In the field of health and wellbeing, we donated £100,000 to Music Minds Matter, the 24/7 mental health support line that is mostly funded by Help Musicians. You may have seen that Music Minds Matter transitioned last month to become a single-focus charity, separate to but set up and sustained by Help Musicians, to support the mental health of all who work in music across the UK. I am delighted that our own Deputy Chief People Officer Juliette Edwards is on the charity’s first ever Board of Trustees, helping to drive awareness of mental health challenges in the music industry and improving access to the necessary mental health support. The charity’s helpline is staffed by accredited therapists who can refer musicians to deeper therapeutic support via the charity’s long-standing clinical partner, the British Association for Performing Arts Medicine – BAPAM – of which I am Chair.

BAPAM provides a vital and growing service to the music industry and wider performing arts sectors, helping performers overcome physical and mental health problems related to their creative practice. A testament to the charity’s work is that 82% of patients seen in 2020 were back to performing in 2021. I would like to thank Claire Cordeaux and her team – as well as James Ainscough and his colleagues at Help Musicians – for the work they all do.

Finally, I would like to focus on the people who are critical to the success of PPL.

All of PPL’s achievements are underpinned by our 200 employees and their knowledge, expertise, drive, passion and commitment. I would like to say a massive thank you to the PPL team for all that we achieved together last year.

I would also like to recognise their openness with myself and the Executive Management Team in this past year as we have sought – like many others across the industry – to understand the needs, challenges and opportunities which we must embrace to make music a better place for all to work, regardless of one’s background.

Thank you to the members of our Diversity Forum for their input, their ideas and the impact they are having, and to those who have supported myself and my colleagues on this journey, including Ammo Talwar MBE and Paulette Long OBE who head up the UK Music Diversity Taskforce.

We have published our own five-year strategy for equity, diversity and inclusion which sets out our priorities to influence company culture and effect change, make PPL and the wider industry more accessible, enhance training and recruitment practices, and educate and engage with our employees. It comes with a set of targets against which we will evaluate our progress and we will continue to voluntarily publish our gender and ethnicity pay gaps, with transparency being central to all we do in this area.

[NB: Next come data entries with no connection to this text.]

(* Assume the setup (S) of the context, and suppose moreover that $\mathbb{B}$ is split exact and $I=R$. Then the complex $\mathbb{A}$ is split exact.
   Context: Setup (S): $R$ is a Noetherian unique factorization domain with $1/2\in R$; $p\ge1$, $q\ge3$, $n=p+2$; $B_0=R^{q-2}$, $B_1=R^{p+q}$, $H=R^n$. On $H\oplus H^*$ let $Q(f,f')=f'(f)$ and $\beta\big((f,f'),(g,g')\big)=f'(g)+g'(f)$, which identifies $(H\oplus H^* )^*$ with $H\oplus H^*$. Let $\mathbb{B}\colon 0\to B_0^*\xrightarrow{\delta_4}B_1^*\xrightarrow{\delta_3}H\oplus H^*\xrightarrow{\delta_2}B_1\xrightarrow{\delta_1}B_0$ be a complex with $\delta_2=\delta_3^*$ and $\delta_1=\delta_4^*$ (duals taken using $\beta$). The Clifford action of $H\oplus H^*$ on $\bigwedge H$ is $(f,f')\cdot\omega=f\wedge\omega+\iota_{f'}(\omega)$, where $\iota_{f'}(e_1\wedge\cdots\wedge e_j)=\sum_i(-1)^{i-1}f'(e_i)\,e_1\wedge\cdots\widehat{e_i}\cdots\wedge e_j$. Let $s\in\bigwedge^{\mathrm{odd}}H$ be an element such that for every prime $\mathfrak p\notin\operatorname{Supp}H_0(\mathbb{B})$, the image of $s$ generates the $R_{\mathfrak p}$-module $\{\omega\in\bigwedge H_{\mathfrak p}: x\cdot\omega=0\ \forall x\in(\operatorname{im}\delta_3)_{\mathfrak p}\}$. Let $s_1\in H$ be the degree-one component of $s$, and let $u\in B_1^*$ be any element with $\delta_3(u)=(s_1,0)$. Define $\mathbb{A}\colon 0\to B_0^*\oplus R\xrightarrow{d_3}B_1^*\xrightarrow{d_2}H^*\xrightarrow{d_1}R$ by $d_3(b,r)=\delta_4(b)+ru$; $d_2=\pi_{H^*}\circ\delta_3$ with $\pi_{H^*}$ the projection onto $H^*$; $d_1(f')=f'(s_1)$. Let $I=\operatorname{im}d_1$. *)

From HB Require Import structures.
From mathcomp Require Import all_boot all_order all_algebra.
Set Implicit Arguments. Unset Strict Implicit. Unset Printing Implicit Defensive.
Import GRing.Theory.
Local Open Scope ring_scope.

Section RingNotions.
Variable R : idomainType.

Definition is_ideal (I : R -> Prop) : Prop :=
  I 0 /\ (forall x y, I x -> I y -> I (x + y)) /\ (forall r x, I x -> I (r * x)).

Definition is_prime_ideal (P : R -> Prop) : Prop :=
  is_ideal P /\ ~ P 1 /\ (forall a b, P (a * b) -> P a \/ P b).

Definition noetherian_ring : Prop :=
  forall I : R -> Prop, is_ideal I ->
    exists g : seq R, forall x, I x <->
      exists c : 'I_(size g) -> R, x = \sum_(i < size g) c i * g`_i.

Definition irreducible_elt (x : R) : Prop :=
  x != 0 /\ x \isn't a GRing.unit /\
  (forall a b, x = a * b -> a \is a GRing.unit \/ b \is a GRing.unit).

Definition associated (x y : R) : Prop :=
  exists v, v \is a GRing.unit /\ x = v * y.

Definition UFD : Prop :=
  (forall x : R, x != 0 -> x \isn't a GRing.unit ->
     exists s : seq R, (forall a, a \in s -> irreducible_elt a) /\
                       x = \prod_(a <- s) a) /\
  (forall s t : seq R, (forall a, a \in s -> irreducible_elt a) ->
     (forall b, b \in t -> irreducible_elt b) ->
     \prod_(a <- s) a = \prod_(b <- t) b ->
     size s = size t /\
     exists t' : seq R, perm_eq t t' /\
       forall i, (i < size s)%N -> associated (nth 0 s i) (nth 0 t' i)).

(* v becomes 0 after localizing at the prime P *)
Definition loc_zero (P : R -> Prop) (V : lmodType R) (v : V) : Prop :=
  exists c, ~ P c /\ c *: v = 0.
End RingNotions.

(* Modules R^k are row vectors 'rV_k; a map given by a matrix M acts as
   v |-> v *m M, so the composite "f then g" is F *m G. *)

Definition dotv (R : comNzRingType) k (x y : 'rV[R]_k) : R := \sum_(i < k) x 0 i * y 0 i.

(* beta((f,f'),(g,g')) = f'(g) + g'(f) on H (+) H^*,  H = R^n *)
Definition betaHH (R : comNzRingType) n (x y : 'rV[R]_(n + n)) : R :=
  dotv (rsubmx x) (lsubmx y) + dotv (rsubmx y) (lsubmx x).

(* 0 -> C4 -f4-> C3 -f3-> C2 -f2-> C1 -f1-> C0 -> 0 is a split exact complex
   (complex + contracting homotopy) *)
Definition split_exact4 (R : comNzRingType) (m0 m1 m2 m3 m4 : nat)
  (f4 : 'M[R]_(m4, m3)) (f3 : 'M[R]_(m3, m2)) (f2 : 'M[R]_(m2, m1))
  (f1 : 'M[R]_(m1, m0)) : Prop :=
  [/\ f4 *m f3 = 0, f3 *m f2 = 0 & f2 *m f1 = 0] /\
  exists (h0 : 'M[R]_(m0, m1)) (h1 : 'M[R]_(m1, m2)) (h2 : 'M[R]_(m2, m3))
         (h3 : 'M[R]_(m3, m4)),
    [/\ h0 *m f1 = 1%:M, f1 *m h0 + h1 *m f2 = 1%:M,
        f2 *m h1 + h2 *m f3 = 1%:M, f3 *m h2 + h3 *m f4 = 1%:M
      & f4 *m h3 = 1%:M].

Definition split_exact3 (R : comNzRingType) (m0 m1 m2 m3 : nat)
  (f3 : 'M[R]_(m3, m2)) (f2 : 'M[R]_(m2, m1)) (f1 : 'M[R]_(m1, m0)) : Prop :=
  [/\ f3 *m f2 = 0 & f2 *m f1 = 0] /\
  exists (h0 : 'M[R]_(m0, m1)) (h1 : 'M[R]_(m1, m2)) (h2 : 'M[R]_(m2, m3)),
    [/\ h0 *m f1 = 1%:M, f1 *m h0 + h1 *m f2 = 1%:M,
        f2 *m h1 + h2 *m f3 = 1%:M & f3 *m h2 = 1%:M].

(* omega = sum_S omega(S) e_S, e_S = e_{i1} /\ ... /\ e_{ij}, i1 < ... < ij *)
Notation ext R n := {ffun {set 'I_n} -> R^o}.

Definition wedge1 (R : comNzRingType) n (f : 'rV[R]_n) (w : ext R n) : ext R n :=
  [ffun T : {set 'I_n} => \sum_(i in T)
     (-1) ^+ #|[set j in T | (j < i)%N]| * f 0 i * w (T :\ i)].

Definition contr (R : comNzRingType) n (f' : 'rV[R]_n) (w : ext R n) : ext R n :=
  [ffun T : {set 'I_n} => \sum_(i | i \notin T)
     (-1) ^+ #|[set j in T | (j < i)%N]| * f' 0 i * w (i |: T)].

Definition cliff (R : comNzRingType) n (x : 'rV[R]_(n + n)) (w : ext R n) : ext R n :=
  wedge1 (lsubmx x) w + contr (rsubmx x) w.

Definition deg1 (R : comNzRingType) n (s : ext R n) : 'rV[R]_n :=
  \row_i s [set i].

(* P is not in Supp H_0(B) = Supp coker(d1), unfolded:
   every element of B_0 becomes 0 in (B_0 / im d1)_P *)
Definition not_in_supp_coker (R : idomainType) (P : R -> Prop) m k
  (d1 : 'M[R]_(m, k)) : Prop :=
  forall v : 'rV[R]_k, exists t, ~ P t /\ exists x : 'rV[R]_m, t *: v = x *m d1.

I would like to thank the PPL Board and those who sit on our various Committees. I recognise it is an additional undertaking but I hope that you enjoy working with us and supporting PPL grow, evolve and become a stronger global music company.

And, last but not least, to John Smith OBE. It was a pleasure, John, to celebrate your Queen’s Honour earlier this year and to come together with many from across the music industry to recognise your achievements. Thank you for all you have done for the music industry over many decades and thank you also for your continued support of me and the PPL team.”